START Material for this task

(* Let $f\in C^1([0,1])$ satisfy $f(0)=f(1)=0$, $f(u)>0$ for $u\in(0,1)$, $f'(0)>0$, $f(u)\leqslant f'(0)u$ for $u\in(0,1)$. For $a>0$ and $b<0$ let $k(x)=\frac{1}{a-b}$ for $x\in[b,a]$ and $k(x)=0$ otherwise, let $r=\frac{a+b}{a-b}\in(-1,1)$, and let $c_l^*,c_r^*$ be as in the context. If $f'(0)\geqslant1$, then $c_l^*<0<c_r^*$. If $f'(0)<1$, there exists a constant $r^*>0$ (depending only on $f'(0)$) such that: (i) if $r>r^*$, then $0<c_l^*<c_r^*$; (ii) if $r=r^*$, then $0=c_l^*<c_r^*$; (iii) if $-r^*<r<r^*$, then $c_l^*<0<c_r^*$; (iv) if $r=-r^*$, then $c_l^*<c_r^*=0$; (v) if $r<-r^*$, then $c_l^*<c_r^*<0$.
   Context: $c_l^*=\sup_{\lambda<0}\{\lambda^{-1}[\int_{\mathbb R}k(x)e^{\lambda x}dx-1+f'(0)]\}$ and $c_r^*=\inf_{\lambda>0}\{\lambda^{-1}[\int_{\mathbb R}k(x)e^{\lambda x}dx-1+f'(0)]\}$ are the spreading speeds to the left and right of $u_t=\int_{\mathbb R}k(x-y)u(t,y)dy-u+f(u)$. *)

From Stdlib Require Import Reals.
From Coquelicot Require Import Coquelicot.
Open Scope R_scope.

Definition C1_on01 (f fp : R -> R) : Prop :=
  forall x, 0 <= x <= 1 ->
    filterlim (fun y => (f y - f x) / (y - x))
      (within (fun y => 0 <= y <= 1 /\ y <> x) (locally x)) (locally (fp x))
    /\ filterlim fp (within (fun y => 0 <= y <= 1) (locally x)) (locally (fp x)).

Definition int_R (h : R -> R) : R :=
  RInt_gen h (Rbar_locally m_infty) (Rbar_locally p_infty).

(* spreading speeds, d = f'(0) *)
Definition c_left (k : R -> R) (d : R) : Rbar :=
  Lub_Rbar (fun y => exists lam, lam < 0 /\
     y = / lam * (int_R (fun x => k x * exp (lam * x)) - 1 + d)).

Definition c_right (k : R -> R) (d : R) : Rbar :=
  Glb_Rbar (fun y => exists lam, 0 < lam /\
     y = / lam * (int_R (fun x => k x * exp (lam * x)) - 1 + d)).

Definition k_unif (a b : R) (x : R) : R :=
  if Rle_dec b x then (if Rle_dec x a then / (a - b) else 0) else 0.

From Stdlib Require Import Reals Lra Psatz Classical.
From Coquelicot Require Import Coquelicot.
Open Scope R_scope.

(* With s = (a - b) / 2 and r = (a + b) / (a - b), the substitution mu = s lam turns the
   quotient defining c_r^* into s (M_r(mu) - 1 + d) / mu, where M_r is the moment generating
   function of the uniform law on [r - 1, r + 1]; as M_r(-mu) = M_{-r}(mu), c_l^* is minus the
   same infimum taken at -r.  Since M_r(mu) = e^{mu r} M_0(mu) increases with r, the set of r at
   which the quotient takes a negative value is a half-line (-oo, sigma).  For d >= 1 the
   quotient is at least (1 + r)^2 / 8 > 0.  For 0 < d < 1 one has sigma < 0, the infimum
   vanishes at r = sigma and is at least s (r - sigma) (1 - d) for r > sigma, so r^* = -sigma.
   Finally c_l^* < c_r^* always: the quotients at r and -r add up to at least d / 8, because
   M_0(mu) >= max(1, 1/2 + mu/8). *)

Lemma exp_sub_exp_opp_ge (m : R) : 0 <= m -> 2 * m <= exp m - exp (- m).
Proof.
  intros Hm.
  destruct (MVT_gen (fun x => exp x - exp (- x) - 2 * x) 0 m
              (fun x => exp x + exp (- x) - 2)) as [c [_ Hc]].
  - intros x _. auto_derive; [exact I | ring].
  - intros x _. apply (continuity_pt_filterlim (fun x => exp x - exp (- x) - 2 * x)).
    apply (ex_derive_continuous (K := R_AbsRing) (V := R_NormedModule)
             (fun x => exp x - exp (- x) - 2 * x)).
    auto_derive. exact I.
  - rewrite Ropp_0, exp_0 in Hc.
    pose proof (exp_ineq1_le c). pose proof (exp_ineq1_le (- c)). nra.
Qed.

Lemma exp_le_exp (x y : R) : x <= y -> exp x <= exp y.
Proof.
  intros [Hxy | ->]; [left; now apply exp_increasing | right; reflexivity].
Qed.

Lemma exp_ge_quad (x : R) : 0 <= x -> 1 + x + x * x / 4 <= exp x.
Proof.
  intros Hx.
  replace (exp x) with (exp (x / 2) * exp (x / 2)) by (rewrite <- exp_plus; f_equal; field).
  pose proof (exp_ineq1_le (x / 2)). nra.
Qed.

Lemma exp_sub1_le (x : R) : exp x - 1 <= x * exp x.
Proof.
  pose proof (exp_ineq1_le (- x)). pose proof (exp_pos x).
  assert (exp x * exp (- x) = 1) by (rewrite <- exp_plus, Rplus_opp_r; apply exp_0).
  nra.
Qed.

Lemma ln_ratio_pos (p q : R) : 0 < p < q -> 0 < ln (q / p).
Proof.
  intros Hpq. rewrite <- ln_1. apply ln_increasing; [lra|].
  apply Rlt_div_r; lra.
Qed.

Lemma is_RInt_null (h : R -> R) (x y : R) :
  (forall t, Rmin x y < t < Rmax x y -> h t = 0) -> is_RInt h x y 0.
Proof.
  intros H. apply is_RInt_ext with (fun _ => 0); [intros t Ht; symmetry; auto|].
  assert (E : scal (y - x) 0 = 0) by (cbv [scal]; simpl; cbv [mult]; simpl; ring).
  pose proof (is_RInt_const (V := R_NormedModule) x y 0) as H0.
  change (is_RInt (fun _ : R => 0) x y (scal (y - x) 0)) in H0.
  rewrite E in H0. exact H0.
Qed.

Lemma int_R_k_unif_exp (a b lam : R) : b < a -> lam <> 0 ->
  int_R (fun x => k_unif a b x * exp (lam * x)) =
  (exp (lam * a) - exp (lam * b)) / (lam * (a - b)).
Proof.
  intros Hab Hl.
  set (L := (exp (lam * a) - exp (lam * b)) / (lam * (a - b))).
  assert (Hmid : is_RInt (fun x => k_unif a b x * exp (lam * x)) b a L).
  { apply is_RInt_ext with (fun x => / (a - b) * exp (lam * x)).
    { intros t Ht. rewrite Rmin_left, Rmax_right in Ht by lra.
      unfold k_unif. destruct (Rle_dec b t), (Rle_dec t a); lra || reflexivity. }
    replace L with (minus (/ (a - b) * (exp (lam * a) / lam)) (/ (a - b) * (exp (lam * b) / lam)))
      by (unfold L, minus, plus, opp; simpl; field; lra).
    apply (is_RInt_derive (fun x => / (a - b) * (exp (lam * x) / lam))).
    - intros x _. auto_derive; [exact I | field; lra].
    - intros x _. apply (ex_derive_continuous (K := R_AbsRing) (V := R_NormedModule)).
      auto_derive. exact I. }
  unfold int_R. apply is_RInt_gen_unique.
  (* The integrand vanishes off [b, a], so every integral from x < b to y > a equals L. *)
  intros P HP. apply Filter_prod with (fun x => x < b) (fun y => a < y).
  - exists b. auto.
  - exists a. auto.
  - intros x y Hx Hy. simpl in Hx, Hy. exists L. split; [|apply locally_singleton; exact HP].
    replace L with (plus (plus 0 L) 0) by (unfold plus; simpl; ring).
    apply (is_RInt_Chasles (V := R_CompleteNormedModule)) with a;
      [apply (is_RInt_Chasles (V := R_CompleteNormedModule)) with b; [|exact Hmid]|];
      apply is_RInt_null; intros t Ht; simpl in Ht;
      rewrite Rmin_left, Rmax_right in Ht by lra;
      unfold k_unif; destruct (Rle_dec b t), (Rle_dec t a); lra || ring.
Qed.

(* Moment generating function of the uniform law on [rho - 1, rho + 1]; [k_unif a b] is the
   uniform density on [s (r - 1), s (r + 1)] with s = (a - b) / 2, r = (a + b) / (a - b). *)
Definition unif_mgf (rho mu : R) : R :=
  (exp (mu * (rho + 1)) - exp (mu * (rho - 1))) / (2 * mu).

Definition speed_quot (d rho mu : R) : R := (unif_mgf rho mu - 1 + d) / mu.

END Material for this task

Please reproduce, exactly as they appear above, the lines from the line containing "quotient defining c_r^*" up to and including the line containing "- rewrite Ropp_0, exp_0 in Hc.".

   quotient defining c_r^* into s (M_r(mu) - 1 + d) / mu, where M_r is the moment generating
   function of the uniform law on [r - 1, r + 1]; as M_r(-mu) = M_{-r}(mu), c_l^* is minus the
   same infimum taken at -r.  Since M_r(mu) = e^{mu r} M_0(mu) increases with r, the set of r at
   which the quotient takes a negative value is a half-line (-oo, sigma).  For d >= 1 the
   quotient is at least (1 + r)^2 / 8 > 0.  For 0 < d < 1 one has sigma < 0, the infimum
   vanishes at r = sigma and is at least s (r - sigma) (1 - d) for r > sigma, so r^* = -sigma.
   Finally c_l^* < c_r^* always: the quotients at r and -r add up to at least d / 8, because
   M_0(mu) >= max(1, 1/2 + mu/8). *)

Lemma exp_sub_exp_opp_ge (m : R) : 0 <= m -> 2 * m <= exp m - exp (- m).
Proof.
  intros Hm.
  destruct (MVT_gen (fun x => exp x - exp (- x) - 2 * x) 0 m
              (fun x => exp x + exp (- x) - 2)) as [c [_ Hc]].
  - intros x _. auto_derive; [exact I | ring].
  - intros x _. apply (continuity_pt_filterlim (fun x => exp x - exp (- x) - 2 * x)).
    apply (ex_derive_continuous (K := R_AbsRing) (V := R_NormedModule)
             (fun x => exp x - exp (- x) - 2 * x)).
    auto_derive. exact I.
  - rewrite Ropp_0, exp_0 in Hc.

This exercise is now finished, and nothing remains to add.